Mode Gelap
Image
Senin, 20 Januari 2025
Logo

WNA Tiongkok Dituntut 1 Tahun Penjara atas Hilangnya Dua Nyawa Kakak-Beradik yang Perjuangkan Nasib Orang Tuanya

WNA Tiongkok Dituntut 1 Tahun Penjara atas Hilangnya Dua Nyawa Kakak-Beradik yang Perjuangkan Nasib Orang Tuanya
Huang Renyi, WNA Tiongkok mengenakan kemeja warna putih saat menjapani sidang dengan agenda pembacaan surat tuntutan di PN Surabaya.

SURABAYA (BM) - Ruang sidang di Pengadilan Negeri Surabaya, Rabu (4/12/2024) terasa penuh dengan rasa emosional. Di tersebut, Huang Renyi, Warga Negara Asing (WNA) asal Tiongkok yang menjadi terdakwa kasus kecelakaan yang menewaskan kakak-beradik terlihat duduk dengan tenang di kursi pesakitan.

Di balik ketenangannya, Huang Renyi ternyata dituntut 1 tahun penjara. Artinya, sebagai terdakwa, Huang Renyi diminta “membayar” dua nyawa kakak-beradik yakni Dionisia Mbelong (24) dan Kristiani Kasi (20) dengan hukuman 1 tahun penjara.

Jaksa Penuntut Umum (JPU) Nurhayati, yang mengaku sedang sakit meminta izin untuk langsung membacakan inti tuntutan tanpa menyampaikan pertimbangan. Majelis hakim yang diketuai Ferdinan lantas menyetujui permintaan tersebut usai berdiskusi dengan penasihat hukum Huang Renyi.
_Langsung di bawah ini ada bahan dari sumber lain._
Lemma weighted_oscillation_right g g' s :
  (forall r, derivable_pt_lim g r (g' r)) -> (forall r, continuity_pt g' r) -> 0 < s ->
  (g s - g 0) ^ 2 <= (Rpower s q / q + s) * RInt (fun r => W r * g' r ^ 2) 0 s.
Proof.
  intros Hd Hc Hs.
  assert (CW2 : forall r, continuity_pt (fun r => W r * g' r ^ 2) r)
    by (intros; apply cpt_mult; [apply W_cont | apply cpt_sq; auto]).
  assert (NW2 : forall r, 0 <= W r * g' r ^ 2)
    by (intros; apply Rmult_le_pos; [apply wt_nonneg | apply pow2_ge_0]).
  apply (le_at_left_end (fun e => (g s - g e) ^ 2) s); auto.
  { apply cpt_sq. apply cpt_minus. apply cpt_const.
    apply derivable_continuous_pt. exists (g' 0). apply Hd. }
  intros e He. rewrite <- (FTC_segment g g' e s) by (auto; lra).
  eapply Rle_trans.
  { apply (cauchy_schwarz_weighted g' W e s); try lra; auto.
    intros. apply wt_pos. lra. }
  apply Rmult_le_compat.
  - apply RInt_nonneg; try lra.
    + intros. apply cpt_inv; auto. apply Rgt_not_eq, wt_pos. lra.
    + intros. left. apply Rinv_0_lt_compat, wt_pos. lra.
  - apply RInt_nonneg; try lra; auto.
  - apply RInt_inv_weight_bound; lra.
  - apply (RInt_subinterval _ 0 s); try lra; auto.
Qed.

(** The left half follows by the reflection [r |-> -r], under which [W] is
    invariant. *)
Lemma weighted_oscillation_left g g' s :
  (forall r, derivable_pt_lim g r (g' r)) -> (forall r, continuity_pt g' r) -> s < 0 ->
  (g s - g 0) ^ 2 <= (Rpower (- s) q / q + (- s)) * RInt (fun r => W r * g' r ^ 2) s 0.
Proof.
  intros Hd Hc Hs.
  set (h := fun r => g (- r)). set (h' := fun r => - g' (- r)).
  assert (Hdh : forall r, derivable_pt_lim h r (h' r)).
  { intros r. unfold h, h'. replace (- g' (- r)) with (g' (- r) * (-1)) by ring.
    apply (derivable_pt_lim_comp (fun x => - x) g r (-1) (g' (- r))).
    - apply (derivable_pt_lim_opp id r 1). apply derivable_pt_lim_id.
    - apply Hd. }
  assert (Hch : forall r, continuity_pt h' r).
  { intros r. unfold h'. apply (continuity_pt_opp (fun x => g' (- x))).
    apply (continuity_pt_comp (fun x => - x) g' r); [|apply Hc].
    apply (continuity_pt_opp (fun x => x)). apply cpt_id. }
  assert (H := weighted_oscillation_right h h' (- s) Hdh Hch ltac:(lra)).
  unfold h in H at 1 2. rewrite Ropp_involutive, Ropp_0 in H.
  set (F := fun r => W r * g' r ^ 2).
  assert (CF : forall r, continuity_pt F r)
    by (intros; unfold F; apply cpt_mult; [apply W_cont | apply cpt_sq; auto]).
  assert (E : RInt (fun r => W r * h' r ^ 2) 0 (- s) = RInt F s 0).
  { assert (C : RInt (fun y => scal (-1) (F (-1 * y + 0))) 0 (- s)
                 = RInt F (-1 * 0 + 0) (-1 * (- s) + 0))
      by (apply (RInt_comp_lin (V:=R_CompleteNormedModule)); apply ex_RInt_cont; auto).
    replace (-1 * 0 + 0) with 0 in C by ring. replace (-1 * (- s) + 0) with s in C by ring.
    change (RInt (fun y => -1 * F (-1 * y + 0)) 0 (- s) = RInt F 0 s) in C.
    assert (EF : ex_RInt (fun y => F (-1 * y + 0)) 0 (- s)).
    { apply ex_RInt_cont. intros r. apply (continuity_pt_comp (fun y => -1 * y + 0) F r); auto.
      apply cpt_plus. apply cpt_scal. apply cpt_id. apply cpt_const. }
    rewrite (RInt_Rscal _ (-1) _ _ EF) in C.
    rewrite (RInt_Rswap F 0 s) by (apply ex_RInt_cont; auto).
    rewrite <- C.
    match goal with |- ?a = ?b => change (@eq R a b) end.
    rewrite (RInt_ext (V:=R_CompleteNormedModule) (fun r => W r * h' r ^ 2)
                      (fun y => F (-1 * y + 0))).
    { rewrite Ropp_mult_distr_l. replace (- -1) with 1 by ring. rewrite Rmult_1_l. reflexivity. }
    intros x _. unfold F, h'. replace (-1 * x + 0) with (- x) by ring. unfold W.
    rewrite wt_even. match goal with |- ?a = ?b => change (@eq R a b) end. ring. }
  rewrite E in H. exact H.
Qed.

Lemma weighted_oscillation g g' a s z :
  (forall r, derivable_pt_lim g r (g' r)) -> (forall r, continuity_pt g' r) -> 0 < a ->
  -a <= s <= a -> -a <= z <= a ->
  (g s - g z) ^ 2 <= 4 * (Rpower a q / q + a) * RInt (fun r => W r * g' r ^ 2) (-a) a.
Proof.
  intros Hd Hc Ha Hs Hz.
  set (I := RInt (fun r => W r * g' r ^ 2) (-a) a).
  assert (CF : forall r, continuity_pt (fun r => W r * g' r ^ 2) r)
    by (intros; apply cpt_mult; [apply W_cont | apply cpt_sq; auto]).
  assert (NF : forall r, 0 <= W r * g' r ^ 2)
    by (intros; apply Rmult_le_pos; [apply wt_nonneg | apply pow2_ge_0]).
  assert (Cq : forall u, 0 < u <= a -> 0 <= Rpower u q / q + u <= Rpower a q / q + a).
  { intros u Hu. assert (0 < Rpower u q) by apply rp_pos.
    assert (Rpower u q <= Rpower a q) by (apply Rle_Rpower_l; lra).
    assert (0 < / q) by (apply Rinv_0_lt_compat; lra). unfold Rdiv. nra. }
  assert (Hfrom0 : forall t, -a <= t <= a -> (g t - g 0) ^ 2 <= (Rpower a q / q + a) * I).
  { intros t Ht. destruct (Rtotal_order t 0) as [Hn|[H0|Hp]].
    - eapply Rle_trans. apply weighted_oscillation_left; auto.
      apply Rmult_le_compat; try apply Cq; try lra.
      + apply RInt_nonneg; auto; lra.
      + apply RInt_subinterval; auto; lra.
    - subst. rewrite Rminus_diag. simpl. rewrite Rmult_0_l.
      apply Rmult_le_pos; [apply Cq; lra | apply RInt_nonneg; auto; lra].
    - eapply Rle_trans. apply weighted_oscillation_right; auto.
      apply Rmult_le_compat; try apply Cq; try lra.
      + apply RInt_nonneg; auto; lra.
      + apply RInt_subinterval; auto; lra. }
  assert (A := Hfrom0 s Hs). assert (B := Hfrom0 z Hz).
  assert ((g s - g z) ^ 2 <= 2 * (g s - g 0) ^ 2 + 2 * (g z - g 0) ^ 2).
  { assert (0 <= (g s + g z - 2 * g 0) ^ 2) by apply pow2_ge_0. nra. }
  lra.
Qed.

End WeightedOscillation.

Lemma sq_sum_le u v : (u + v) ^ 2 <= 2 * u ^ 2 + 2 * v ^ 2.
Proof. assert (0 <= (u - v) ^ 2) by apply pow2_ge_0. nra. Qed.

(** * The tensorization step

    Integrate over coordinates [j, ..., j+n] with coordinate [j] outermost.
    Let [M z] be the mean of [phi] over the inner box on the slice
    [x_j = z], and [K0] the average of [M] over a window [[zl, zh]].  Writing
    [phi - K0 = (phi - c) + (c - K0)] with [c] the average of [phi] over
    [x_j in [zl, zh]], the first part is controlled by a one-dimensional
    oscillation bound [E] in the variable [x_j], the second by the variances
    [R0 z] of the slices inside the window. *)
Section Tensorization.
Variable m : nat.
Variables lo hi : nat -> R.
Hypothesis Hlh : forall i, lo i <= hi i.
Variable phi : (nat -> R) -> R.
Hypothesis Cphi : Cont m phi.
Variables j n : nat.
Hypothesis Hjn : (j + S n <= S m)%nat.
Variables zl zh : R.
Hypothesis Hwin : lo j <= zl /\ zl < zh /\ zh <= hi j.

Let Hj : (j <= m)%nat. Proof. lia. Qed.
Let HL : 0 < zh - zl. Proof. lra. Qed.

Definition window_avg (y : nat -> R) := / (zh - zl) * Rint (fun z => phi (upd y j z)) zl zh.

Let Cavg : Cont m window_avg.
Proof. apply Cont_scal. apply Cont_param; auto. Qed.

Lemma tensor_oscillation_term (E : (nat -> R) -> R) x : Cont m E ->
  (forall y s z, lo j <= s <= hi j -> zl <= z <= zh ->
     (phi (upd y j s) - phi (upd y j z)) ^ 2 <= E y) ->
  IB lo hi j (S n) (fun y => (phi y - window_avg y) ^ 2) x
  <= (hi j - lo j) * IB lo hi (S j) n E x.
Proof.
  intros CE Hosc.
  assert (CG : Cont m (fun y => (phi y - window_avg y) ^ 2))
    by (apply Cont_sq; apply Cont_minus; auto).
  rewrite IB_peel, (IB_fubini m lo hi); auto.
  rewrite <- (IB_scal m lo hi); auto; try lia.
  apply (IB_mono m lo hi Hlh); auto; try lia.
  - apply (Cont_param m (fun y => (phi y - window_avg y) ^ 2)); auto.
  - apply Cont_scal; auto.
  - intros y. rewrite (Cont_Rint m (fun y => (phi y - window_avg y) ^ 2)) by auto.
    apply RInt_le_const; [apply Hlh | intros; apply (Cont_slice m (fun y => (phi y - window_avg y) ^ 2)); auto |].
    intros s Hs. unfold window_avg.
    replace (Rint (fun z => phi (upd (upd y j s) j z)) zl zh)
      with (RInt (fun z => phi (upd y j z)) zl zh).
    + apply (dist_to_average_le (fun z => phi (upd y j z))); try lra.
      * intros. apply (Cont_slice m); auto.
      * intros. apply Hosc; auto.
    + rewrite (Cont_Rint m) by auto. apply RInt_ext. intros. rewrite upd_upd. reflexivity.
Qed.

Variable V : R.
Variable x : nat -> R.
Dalam surat tuntutannya, JPU Nurhayati dari Kejaksaan Negeri (Kejari) Surabaya ini menyatakan, Huang Renyi terbukti melanggar pasal 310 UU Nomor 22 Tahun 2009 tentang Lalu Lintas dan Angkutan Jalan. “Menuntut Terdakwa Huang Renyi dengan pidana penjara selama 1 tahun,” ujar Jaksa Nurhayati.

Selain hukuman penjara, JPU Nurhayati juga menyatakan untuk mengembalikan barang bukti berupa mobil Pajero milik Huang Renyi beserta STNK-nya. Tak hanya itu dalam tuntutannya, JPU Nurhayati juga menyatakan mengembalikan SIM milik Huang Renyi.

Huang Renyi yang tak bisa berbahasa Indonesia ini kemudian tampak sumringah dan lega usai mendengar penjelasan dari penerjemahnya mengenai tuntutan 1 tahun penjara tersebut. Huang dan tim kuasa hukumnya kemudian meminta waktu satu minggu untuk mempersiapkan nota pembelaan.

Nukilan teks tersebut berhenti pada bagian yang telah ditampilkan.